At first, I kept the app on my phone to make sure Madd hadn’t uploaded anything else. Then, I kept it just because. Just because I’m curious. Just because the kink other people get up to is amazing. Just because it reminds me of Max and then I can’t focus, imagining the way his mouth curled into a grin and his legs brushed mine. Maybe just b
ecause part of me wonders if he really deleted all the copies of that video—or if he’s still watching me.
CHAPTER FOUR
Max
SATURDAY IS THE crown jewel in a week that went rapidly downhill after I met Maple on Monday. It takes twenty minutes to find a place where I can pull off the Santa Cruz highway because the sandy stretch fronting the Pacific Ocean is busier than an In-N-Out drive-through after a pot festival. And then, when I finally battle my way to the surf break, rookies clog the water, battling for a shot at the waves. Secrets have a way of getting out. The whole time I’m out on the ocean, my brain keeps rewinding my encounter with Maple. Did she really believe her boyfriend would keep her video secret? Does she think about my watching her video? Does she imagine, even for a second, what I look like fisting my dick as I watch? Watched. After an epic wipeout on what should have been a good wave, I abandon my surfing attempt and head in. The sun is setting and tomorrow is another day. Just call me Scarlett.
My board bumps against the backs of my knees and I adjust my grip, towing it to shore and up onto the sand. Splashing behind me indicates Jack and Dev are following my lead.

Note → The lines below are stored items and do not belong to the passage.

Lemma semiline_SSP_of_lin_approx0 (R : realType) n (U V : 'rV[R]_n -> Prop)
    (h g : 'rV[R]_n -> 'rV[R]_n) (M : 'M[R]_n) :
  homeo_germ U V h g -> M \in unitmx -> lin_approx0 U h M -> semiline_SSP U h.
Proof.
move=> [oU [_ [U0 [V0 [h0 [ghK [_ [cont_h cont_g]]]]]]]] Mu approx a a1.
have g0 : g 0 = 0 by have := (ghK 0 U0).2; rewrite h0.
have an0 : a != 0 by rewrite -enorm_eq0 a1 oner_eq0.
have aMn0 : a *m M != 0.
  by apply: contraNneq an0 => aM0; rewrite -(mulmxK Mu a) aM0 mul0mx.
exists (normalize (a *m M)) => c; split => [|->].
- exact: (Dir_semiline_image approx a1 aMn0 h0 V0 g0 ghK cont_g).
- exact: (Dir_semiline_image_normalize approx a1 aMn0 U0 h0 g0 ghK oU cont_h).
Qed.

Theorem theorem4p19 (R : realType) (n : nat)
  (U V : 'rV[R]_n -> Prop) (h g : 'rV[R]_n -> 'rV[R]_n) :
  weak_diffeo U V h g ->
  SSP (graph_on U h) /\ semiline_SSP U h.
Proof.
move=> [hg [[M [Mu approx]] _]]; have [oU [_ [U0 [_ [h0 _]]]]] := hg.
split; first exact: (SSP_graph approx oU U0 h0).
exact: (semiline_SSP_of_lin_approx0 hg Mu approx).
Qed.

I lob the usual no-brainer over my shoulder. “Tequila and tacos?”
Jack, Dev and I always hit up T&T after our Saturday surf. Not only is it just down the road from our favorite beach, but the bartender makes all sorts of weird margaritas and there’s a taco al pastor that’s the best this side of Cabo. This time, however, no one rushes to agree or joke about whose turn it is to pick up the bar tab. Instead, the silence stretches out between us. I turn until I can see their faces. Nope. I’m still clueless.
Jack finally shrugs. “Sure.”
He doesn’t sound sure.
A frown puckers his forehead. When did he get so distant?
Dev’s not even looking at me because he’s head down in his phone. “Lola’s in.”
This is supposed to be our time together, but things have changed since Dev met Lola and our Saturday nights have changed.